We’ve already started to see this take place. Beyond new freighters from Boeing and Airbus, which are more fuel efficient and therefore better for the environment, huge advances in aerospace are providing us with interesting options for the future. Readers might remember my article on Destinus’ ‘Hyperplane’, essentially a hydrogen-powered unmanned cargo aircraft, which will be able to achieve speeds of Mach 15. Not only is Destinus’ prototype green-powered, but it would also be the single fastest commercial aircraft ever created, capable of delivering urgent goods across the world in a couple of hours.

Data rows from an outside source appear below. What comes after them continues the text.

(* Let $d\in\mathbb N\cup\{\infty\}$, $C>0$, and let ${\boldsymbol\gamma}$ be POD weights with constants $a,C_a$. Put $c:=\sum_{w\in\mathcal U_d}(|w|!)^a\prod_{j\in w}(2^aC^2\gamma_j)\in[1,\infty]$. (1) If ${\boldsymbol\gamma}\in\mathcal S_{d,C}$, then ${\boldsymbol\eta}\le T^\uparrow_{d,C}{\boldsymbol\gamma}\le c\,{\boldsymbol\xi}$, where $\eta_u=C^{2|u|}\gamma_u$ and $\xi_u=C_a(|u|!)^a\prod_{j\in u}(2^aC^2\gamma_j)$. (2) If ${\boldsymbol\gamma}\in\mathcal M_d$, then $\mathbf 0\le T^\downarrow_{d,C}{\boldsymbol\gamma}\le{\boldsymbol\zeta}$, where $\zeta_u=C^{-2|u|}\gamma_u$.
   Context: Write $[d]=\{1,\dots,d\}$ if $d\in\mathbb N$ and $[d]=\mathbb N$ if $d=\infty$; $[s]=\{1,\dots,s\}$. $\mathcal U_d$ is the set of finite subsets of $[d]$; weights are families $(\gamma_u)_{u\in\mathcal U_d}$ of non-negative reals ($\mathcal W_d$), compared componentwise; $\mathbf 0$ is the zero family. POD weights: $\gamma_u=\Gamma_{|u|}\prod_{j\in u}\gamma_j$ for a non-increasing sequence $(\gamma_j)_{j\in[d]}$ of non-negative reals and non-negative reals $(\Gamma_k)_{k\in[d]\cup\{0\}}$ with $\Gamma_k\le C_a(k!)^a$ for all $k$, for some constants $a,C_a>0$. $(\Delta_v{\boldsymbol\gamma})_u=\sum_{w\subseteq v}(-1)^{|w|}\gamma_{u\cup w}$; $\mathcal M_d$ is the set of weights with $\Delta_v{\boldsymbol\gamma}\ge\mathbf 0$ for all $v$. For $C>0$: $\mathcal S_{d,C}=\{{\boldsymbol\gamma}\in\mathcal W_d:\sum_vC^{2|v|}\gamma_v<\infty\}$; $(T^\uparrow_{d,C}{\boldsymbol\gamma})_u=\sum_{v\supseteq u}C^{2|v|}\gamma_v$ on $\mathcal S_{d,C}$; on $\mathcal M_d$, $(T^\downarrow_{d,C}{\boldsymbol\gamma})_u=C^{-2|u|}(\Delta_{[d]\setminus u}{\boldsymbol\gamma})_u$ if $d\in\mathbb N$ and $C^{-2|u|}\lim_{s\to\infty}(\Delta_{[s]\setminus u}{\boldsymbol\gamma})_u$ if $d=\infty$. *)

From HB Require Import structures.
From mathcomp Require Import all_boot all_order all_algebra.
From mathcomp Require Import finmap.
From mathcomp Require Import all_classical all_reals all_analysis.
Set Implicit Arguments. Unset Strict Implicit. Unset Printing Implicit Defensive.
Import Order.TTheory GRing.Theory Num.Theory.
Import numFieldNormedType.Exports.
Local Open Scope ring_scope.
Local Open Scope classical_set_scope.

(* d ∈ ℕ ∪ {∞} is encoded as an option nat: Some n = n, None = ∞. *)
(* Coordinates are 1-based: [d] = {1,...,d} or {1,2,3,...}. *)
Definition inD (d : option nat) (j : nat) : bool :=
  (0 < j)%N && (if d is Some n then (j <= n)%N else true).

Definition Ud (d : option nat) : set {fset nat} :=
  [set u | forall j, j \in u -> inD d j].

Definition fin_range (s : nat) : {fset nat} := seq_fset tt (iota 1 s).

Section Weights.
Variable R : realType.

Definition Delta (g : {fset nat} -> R) (v u : {fset nat}) : R :=
  \sum_(w <- fpowerset v) (-1) ^+ #|` w| * g (u `|` w)%fset.

Definition Md (d : option nat) (g : {fset nat} -> R) : Prop :=
  forall v u, Ud d v -> Ud d u -> 0 <= Delta g v u.

Definition Sdc (d : option nat) (C : R) (g : {fset nat} -> R) : Prop :=
  (\esum_(v in Ud d) ((C ^+ (2 * #|` v|)) * g v)%:E < +oo)%E.

(* (T^↑_{d,C} γ)_u = Σ_{v ⊇ u, v ∈ U_d} C^{2|v|} γ_v  (finite when γ ∈ S_{d,C}) *)
Definition Tup (d : option nat) (C : R) (g : {fset nat} -> R) (u : {fset nat}) : R :=
  fine (\esum_(v in [set v | Ud d v /\ (u `<=` v)%fset])
          ((C ^+ (2 * #|` v|)) * g v)%:E).

Definition Tdown (d : option nat) (C : R) (g : {fset nat} -> R) (u : {fset nat}) : R :=
  C ^- (2 * #|` u|) *
  (match d with
   | Some n => Delta g (fin_range n `\` u)%fset u
   | None => limn (fun s : nat => Delta g (fin_range s `\` u)%fset u)
   end).

Definition POD (d : option nat) (a Ca : R) (gs Gam : nat -> R)
    (g : {fset nat} -> R) : Prop :=
  [/\ 0 < a /\ 0 < Ca,
      (forall j, inD d j -> 0 <= gs j),
      (forall i j, inD d i -> inD d j -> (i <= j)%N -> gs j <= gs i),
      (forall k, (if d is Some n then (k <= n)%N else true) ->
                 0 <= Gam k /\ Gam k <= Ca * (k`!%:R `^ a)) &
      (forall u, Ud d u -> g u = Gam #|` u| * \prod_(j <- u) gs j)].

End Weights.

From HB Require Import structures.
From mathcomp Require Import all_boot all_order all_algebra.
From mathcomp Require Import finmap.
From mathcomp Require Import all_classical all_reals all_analysis.
Import Order.TTheory GRing.Theory Num.Theory.
Import numFieldNormedType.Exports.

Set Implicit Arguments.
Unset Strict Implicit.
Unset Printing Implicit Defensive.
Local Open Scope ring_scope.
Local Open Scope classical_set_scope.

(* (1) Every v ⊇ u in U_d is u ⊎ w with w disjoint from u. The POD form of
   γ_v together with (m+k)! <= 2^(m+k) m! k! bounds C^(2|v|) γ_v by ξ_u
   times the w-th summand of c, and summing over w gives T^↑γ_u <= c ξ_u;
   the term v = u gives the lower bound.
   (2) Δ_{v ∪ {j}} γ_u = Δ_v γ_u - Δ_v γ_{u ∪ {j}}, so on M_d the map
   v ↦ Δ_v γ_u is nonnegative and nonincreasing, hence bounded by
   Δ_∅ γ_u = γ_u; for d = ∞ the limit defining T^↓ inherits these bounds. *)

Local Open Scope fset_scope.

Lemma Ud_fsubset d (v w : {fset nat}) : Ud d w -> v `<=` w -> Ud d v.
Proof. by move=> Uw /fsubsetP vw j /vw /Uw. Qed.

Lemma Ud_fsetU d (u w : {fset nat}) : Ud d u -> Ud d w -> Ud d (u `|` w).
Proof. by move=> Uu Uw j; rewrite inE => /orP[/Uu|/Uw]. Qed.

Lemma Ud_fsetU1 d (u : {fset nat}) j : inD d j -> Ud d u -> Ud d (j |` u).
Proof. by move=> dj Uu y; rewrite !inE => /orP[/eqP ->|/Uu]. Qed.

Lemma in_fin_range s j : (j \in fin_range s) = (0 < j <= s)%N.
Proof. by rewrite /fin_range seq_fsetE mem_iota add1n ltnS. Qed.

Lemma card_fin_range s : #|` fin_range s| = s.
Proof.
by rewrite -[LHS]/(size (seq_fset tt (iota 1 s))) size_seq_fset
  undup_id ?iota_uniq // size_iota.
Qed.

Lemma Ud_card d (v : {fset nat}) :
  Ud d v -> if d is Some n then (#|` v| <= n)%N else true.
Proof.
case: d => // n Uv; rewrite -[n]card_fin_range; apply: fsubset_leq_card.
by apply/fsubsetP => j /Uv; rewrite in_fin_range.
Qed.

Lemma Ud_fin_rangeD d s (u : {fset nat}) :
  (if d is Some n then (s <= n)%N else true) -> Ud d (fin_range s `\` u).
Proof.
move=> sd j; rewrite !inE in_fin_range => /andP[_ /andP[j0 js]].
by rewrite /inD j0; case: d sd => // n; apply: leq_trans.
Qed.

Lemma big_fsetU_disjoint (T : Type) (idx : T) (op : Monoid.com_law idx)
    (I : choiceType) (A B : {fset I}) (F : I -> T) : [disjoint A & B] ->
  \big[op/idx]_(i <- A `|` B) F i =
    op (\big[op/idx]_(i <- A) F i) (\big[op/idx]_(i <- B) F i).
Proof.
move=> /fdisjointP AB; rewrite (big_fsetID _ (mem A)) /=; congr (op _ _).
  by apply: eq_fbigl => i; rewrite !inE /=; case: (i \in A); rewrite ?andbF.
apply: eq_fbigl => i; rewrite !inE /=.
by case Ai: (i \in A); rewrite ?andbT //= (negbTE (AB _ Ai)).
Qed.

Lemma cardfsU_disjoint (K : choiceType) (A B : {fset K}) : [disjoint A & B] ->
  #|` A `|` B| = (#|` A| + #|` B|)%N.
Proof. by move=> /eqP AB; rewrite cardfsU AB cardfs0 subn0. Qed.

Section Differences.
Variable R : realType.
Implicit Types (g : {fset nat} -> R) (u v : {fset nat}).

Lemma Delta_fset0 g u : Delta g fset0 u = g u.
Proof. by rewrite /Delta fpowerset0 big_seq_fset1 cardfs0 expr0 mul1r fsetU0. Qed.

Lemma fpowersetU1_mem (v : {fset nat}) j : j \notin v ->
  [fset w in fpowerset (j |` v) | j \in w] = [fset j |` w | w in fpowerset v].
Proof.
move=> jv; apply/fsetP => x; rewrite !inE; apply/andP/imfsetP.
  move=> [/[!fpowersetE] /fsubsetP xv jx]; exists (x `\ j); last by rewrite fsetD1K.
  rewrite fpowersetE; apply/fsubsetP => y /[!inE] /andP[yj /xv].
  by rewrite !inE (negbTE yj).
move=> [w /=]; rewrite !fpowersetE => wv ->; split; last by rewrite fset1U1.
by rewrite fsetUS.
Qed.

Lemma Delta_fsetU1 g v u j : j \notin v ->
  Delta g (j |` v) u = Delta g v u - Delta g v (j |` u).
Proof.
move=> jv; rewrite /Delta (big_fsetID _ (fun w : {fset nat} => j \in w)) /= addrC.
congr (_ + _)%R.
  apply: eq_fbigl => w; rewrite !inE !fpowersetE.
  apply/andP/idP => [[/fsubsetP wv jw]|/fsubsetP wv].
    apply/fsubsetP => y yw; have := wv _ yw; rewrite !inE => /orP[/eqP yj|//].
    by move: jw; rewrite -yj yw.
  split; first by apply/fsubsetP => y /wv yv; rewrite inE yv orbT.
  by apply: contra jv => /wv.
have jw (w : {fset nat}) : w \in fpowerset v -> j \notin w.
  by rewrite fpowersetE => /fsubsetP wv; apply: contra jv => /wv.
rewrite fpowersetU1_mem // big_imfset /=; last first.
  move=> w1 w2 /jw j1 /jw j2 /fsetP e; apply/fsetP => y; have := e y.
  rewrite !inE; case: (eqVneq y j) => [->|//] _.
  by rewrite (negbTE j1) (negbTE j2).
rewrite -sumrN; apply: eq_big_seq => w /jw jnw.
by rewrite cardfsU1 jnw exprS mulN1r mulNr fsetUA [u `|` _]fsetUC.
Qed.

Variables (d : option nat) (g : {fset nat} -> R).
Hypothesis Mg : Md d g.

Lemma Delta_fsetU1_le v u j : inD d j -> j \notin v -> Ud d v -> Ud d u ->
  Delta g (j |` v) u <= Delta g v u.
Proof.
move=> dj jv Uv Uu; rewrite Delta_fsetU1 // gerBl.
by apply: Mg => //; apply: Ud_fsetU1.
Qed.

Lemma Delta_bounds v u : Ud d v -> Ud d u -> 0 <= Delta g v u <= g u.
Proof.
move=> Uv Uu; rewrite Mg //=.
have [n] := ubnP #|` v|; elim: n v Uv => // n IH v Uv /ltnSE vn.
have [->|[j jv]] := fset_0Vmem v; first by rewrite Delta_fset0.
have Uv' : Ud d (v `\ j) by apply: Ud_fsubset Uv (fsubsetDl _ _).
rewrite -(fsetD1K jv); apply: le_trans (IH _ Uv' _).
  by apply: Delta_fsetU1_le; rewrite ?fsetD11 ?(Uv j).
by move: vn; rewrite (cardfsD1 j v) jv.
Qed.

End Differences.

Section Tdown.
Variable R : realType.
Implicit Types (g : {fset nat} -> R) (u : {fset nat}).

Lemma fin_rangeSD s u : fin_range s.+1 `\` u =
  if s.+1 \in u then fin_range s `\` u else s.+1 |` (fin_range s `\` u).
Proof.
apply/fsetP => y; case: ifP => su; rewrite !inE !in_fin_range (leq_eqVlt y) ltnS;
  by case: (eqVneq y s.+1) => [->|] /=; rewrite ?su.
Qed.

Lemma Delta_fin_range_nonincreasing g u : Md None g -> Ud None u ->
  nonincreasing_seq (fun s => Delta g (fin_range s `\` u) u).
Proof.
move=> Mg Uu; apply/nonincreasing_seqP => s; rewrite fin_rangeSD.
case: ifP => // _; apply: (Delta_fsetU1_le Mg) => //.
  by rewrite !inE in_fin_range ltnn !andbF.
exact: (@Ud_fin_rangeD None).
Qed.

Lemma limn_Delta_fin_range_bounds g u : Md None g -> Ud None u ->
  0 <= limn (fun s => Delta g (fin_range s `\` u) u) <= g u.
Proof.
move=> Mg Uu; set D := fun s => _.
have D_bounds s : 0 <= D s <= g u.
  by apply: (Delta_bounds Mg) => //; apply: (@Ud_fin_rangeD None).
have cvgD : cvgn D.
  apply: nonincreasing_is_cvgn; first exact: Delta_fin_range_nonincreasing.
  by exists 0 => _ [s _ <-]; case/andP: (D_bounds s).
apply/andP; split; [apply: limr_ge|apply: limr_le] => //; near=> s;
  by case/andP: (D_bounds s).
Unshelve. all: by end_near.
Qed.

Lemma Tdown_bounds d C g u : 0 < C -> Md d g -> Ud d u ->
  0 <= Tdown d C g u /\ Tdown d C g u <= C ^- (2 * #|` u|) * g u.
Proof.
move=> C0 Mg Uu; have Cu : 0 <= C ^- (2 * #|` u|) by rewrite invr_ge0 exprn_ge0 ?ltW.
rewrite /Tdown; set D := match d with Some _ => _ | None => _ end.
suff /andP[D0 Dg] : 0 <= D <= g u by rewrite mulr_ge0 // ler_wpM2l.
case: d Mg Uu @D => [n|] Mg Uu; last exact: limn_Delta_fin_range_bounds.
by apply: (Delta_bounds Mg) => //; apply: (@Ud_fin_rangeD (Some n)).
Qed.

End Tdown.

Lemma bin_le_exp2 n k : ('C(n, k) <= 2 ^ n)%N.
Proof.
elim: n k => [|n IH] [|k] //=; first by rewrite expn_gt0.
by rewrite binS expnS mul2n -addnn leq_add.
Qed.

Lemma fact_addn_le m k : ((m + k)`! <= 2 ^ (m + k) * (m`! * k`!))%N.
Proof.
rewrite -[in leqLHS](bin_fact (leq_addr k m)) addKn.
by rewrite leq_mul2r bin_le_exp2 orbT.
Qed.

Section RealFacts.
Variable R : realType.

Lemma prodr_const_seq (I : Type) (s : seq I) (x : R) : \prod_(i <- s) x = x ^+ size s.
Proof. by elim: s => [|i s IH]; rewrite ?big_nil ?big_cons ?IH ?exprS. Qed.

Lemma powR_exprn (x a : R) n : 0 <= x -> (x ^+ n) `^ a = (x `^ a) ^+ n.
Proof.
move=> x0; elim: n => [|n IH]; first by rewrite !expr0 powR1.
by rewrite !exprS powRM ?exprn_ge0 // IH.
Qed.

Lemma powR_fact_addn_le (a : R) m k : 0 <= a ->
  (m + k)`!%:R `^ a <= (2 `^ a) ^+ (m + k) * (m`!%:R `^ a * k`!%:R `^ a).
Proof.
move=> a0; rewrite -powR_exprn // -!powRM ?mulr_ge0 ?exprn_ge0 //.
apply: ge0_ler_powR; rewrite ?nnegrE //.
by rewrite -natrM -natrX -natrM ler_nat fact_addn_le.
Qed.

Local Open Scope ereal_scope.

Lemma le_esum_subset (T : choiceType) (A B : set T) (F : T -> \bar R) :
  (A `<=` B)%classic -> (forall i, B i -> 0 <= F i) ->
  \esum_(i in A) F i <= \esum_(i in B) F i.
Proof.
move=> AB F0; rewrite [leLHS]esum_mkcond [leRHS]esum_mkcond.
apply: le_esum => i _; case: ifPn => [/set_mem/AB Bi|_]; first by rewrite mem_set.
by case: ifPn => // /set_mem /F0.
Qed.

Lemma esumZl_le (T : choiceType) (D : set T) (r : R) (F : T -> \bar R) :
  (0 <= r)%R -> (forall i, D i -> 0 <= F i) ->
  \esum_(i in D) (r%:E * F i) <= r%:E * \esum_(i in D) F i.
Proof.
move=> r0 F0; apply: ge_ereal_sup => _ [X [finX XD] <-].
rewrite fsbig_finite // big_seq -ge0_sume_distrr; last first.
  by move=> i; rewrite in_fset_set // inE => /XD /F0.
rewrite -big_seq -fsbig_finite //; apply: lee_wpmul2l; first by rewrite lee_fin.
by apply: ereal_sup_ubound; exists X.
Qed.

Next day delivery from America might soon become same day delivery, with advancements like this seriously boosting commercial growth by reducing shipping times, meaning more items can be shipped in a day. “Demand for high-value specialized cargo – such as temperature-sensitive healthcare goods and vaccines – is rising,” claims IATA; and it is advancements like Destinus’ hyperplane which will help make sure that supply can, indeed, meet demand. With tech like this, the short-to-medium-term future of the air cargo industry is strong. Indicators like inventory levels and manufacturing outputs are favorable, with world trade expected to grow by 5.6% in 2022, while E-commerce maintains a double figure growth rate. Revenues for the air cargo market are expected to exceed $169 billion globally, a huge amount which can be re-invested into further R and D, as well as increasing supply. I think you’re starting to get the picture here. With a steady increase in demand fueling growth, which in turn, is financed by the massive revenue generated by said demand, the future looks good for air cargo.